Jenes Thal mit seinem reichen Pflanzenwuchs zog mich so sehr an, daß in mir der Gedanke aufstieg, meine Wohnung dorthin zu verlegen; allein die Erwägung, daß ich von meinem Hause am Strande die offene Aussicht über das Meer hatte und so ein vielleicht hier vorbeisegelndes Fahrzeug erspähen könnte, brachte mich von dem schnell gefaßten Plane ab, und ich beschränkte mich darauf, eine Art Lusthaus in jenem gesegneten und reizvollen Thale zu errichten. Ohne Zeit zu verlieren, ging ich ans Werk und umgab meine zweite Wohnstätte mit einer doppelten Pfahlreihe, die ich noch durch ein Flechtwerk von Schlingpflanzen und Baumstämmen verstärkte. Diese Arbeiten beschäftigten mich bis Anfang August.
Unterdessen fand ich meine aufgehängten Weintrauben nun genug getrocknet, und ich beeilte mich, sie einzusammeln, denn schon kündigte sich die in der heißen Zone übliche Regenzeit auf fühlbare Weise an. Zweihundert Päckchen von Rosinen schaffte ich in meine Vorratskammer, und so konnte ich mir nun die folgenden Monate hinreichend versüßen.

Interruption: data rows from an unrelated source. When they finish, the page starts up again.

(* Let $b>a>0$, $x\in\mathbb{R}^d$, and let $K$ be a cube containing $B(x,a)$ with $K\cap\partial B(x,b)\ne\emptyset$. Let $\mathcal{A},\mathcal{B}$ be finite subsets of $\mathbb{R}^d$ with $\mathcal{A}\subset B(x,a)$ and $\mathcal{B}\subset K\setminus B(x,a)$. If $\mathcal{B}$ contains a $K$-wall around $B(x,a)$ in $B(x,b)$, then $$|M(\mathcal{A}\cup\mathcal{B})-M(\mathcal{B})|\le c|\mathcal{A}|\,b$$ for a constant $c$ depending only on $d$. If no such wall exists, then $|M(\mathcal{A}\cup\mathcal{B})-M(\mathcal{B})|\le c|\mathcal{A}|\,\mathrm{diameter}(K)$.
   Context: For a finite set $X\subset\mathbb{R}^d$, $M(X)$ is the total length of a minimal spanning tree of the complete graph on $X$ with Euclidean edge lengths. $B(x,r)=x+[-r,r]^d$; $S(p,r)$ is the closed Euclidean ball of radius $r$ centered at $p$; $d(\cdot,\cdot)$ is Euclidean distance. Definition (wall): for $b>a>0$, $x\in\mathbb{R}^d$ and a cube $K\supset B(x,a)$ with $K\cap\partial B(x,b)\ne\emptyset$, a set $\mathfrak{W}\subset\mathbb{R}^d$ contains a $K$-wall around $B(x,a)$ in $B(x,b)$ if for every $p_1\in\partial B(x,a)$ and every $p_2\in K\cap\partial B(x,b)$ the set $K\cap\mathfrak{W}\cap S(p_1,\tfrac34 d(p_1,p_2))\cap S(p_2,\tfrac34 d(p_1,p_2))\cap(B(x,b)\setminus B(x,a))$ is nonempty. *)

From HB Require Import structures.
From mathcomp Require Import all_boot all_order all_algebra.
From mathcomp Require Import finmap.
From mathcomp Require Import all_classical all_reals.
Set Implicit Arguments. Unset Strict Implicit. Unset Printing Implicit Defensive.
Import Order.TTheory GRing.Theory Num.Theory.
Local Open Scope ring_scope.
Local Open Scope classical_set_scope.

Section Geometry.
Variables (R : realType) (d : nat).
Local Notation V := 'rV[R]_d.

Definition edist (p q : V) : R := Num.sqrt (\sum_(i < d) (p ord0 i - q ord0 i) ^+ 2).

(* sup-norm distance; B(x,r) = x + [-r,r]^d = { p | supdist x p <= r } *)
Definition supdist (x p : V) : R := \big[Num.max/0]_(i < d) `|p ord0 i - x ord0 i|.

Definition cube (x : V) (r : R) : set V := [set p | supdist x p <= r].
Definition cube_bd (x : V) (r : R) : set V := [set p | supdist x p = r].
Definition eball (p : V) (r : R) : set V := [set z | edist p z <= r].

Am 14. August erlebte ich die Freude einer Vermehrung meiner Familie. Meine Katze nämlich, die ich vom Wrack mitgenommen hatte, war eine Zeitlang verschwunden, ohne daß ich mir erklären konnte, wohin sie geraten sei. Während ich nun an jenem Tage über die Landschaft schaute, sah ich meine alte Freundin samt drei jungen Sprößlingen wohlgemut auf meine Hütte zukommen und zögerte nicht, die neuen Gäste freundlichst aufzunehmen. Sie hatte die Jungen in einem Versteck so weit groß gezogen, daß sie vor den Angriffen des Katers sicher waren, und führte sie mir jetzt zu. Mit diesem Tage begann auch die Regenzeit, und ich machte mich wieder darauf gefaßt, wochenlang in meinem wohlgeschützten Strandhause zubringen zu müssen. Vom 14. bis 29. August währte ununterbrochen der Regen; meine Nahrung bestand aus Rosinen, Ziegenfleisch und gerösteter Schildkröte. Dabei war ich täglich beschäftigt mit der Erweiterung meines Kellers.
Gegen Ende September erinnerten mich die Einschnitte, die ich in meinen hölzernen Kalender gemacht hatte, daß seit meiner Landung auf der Insel ein Jahr verflossen war. Ich feierte diesen Tag mit dankerfülltem Herzen gegen Gott, dessen Güte mich so wunderbar beschirmt hatte.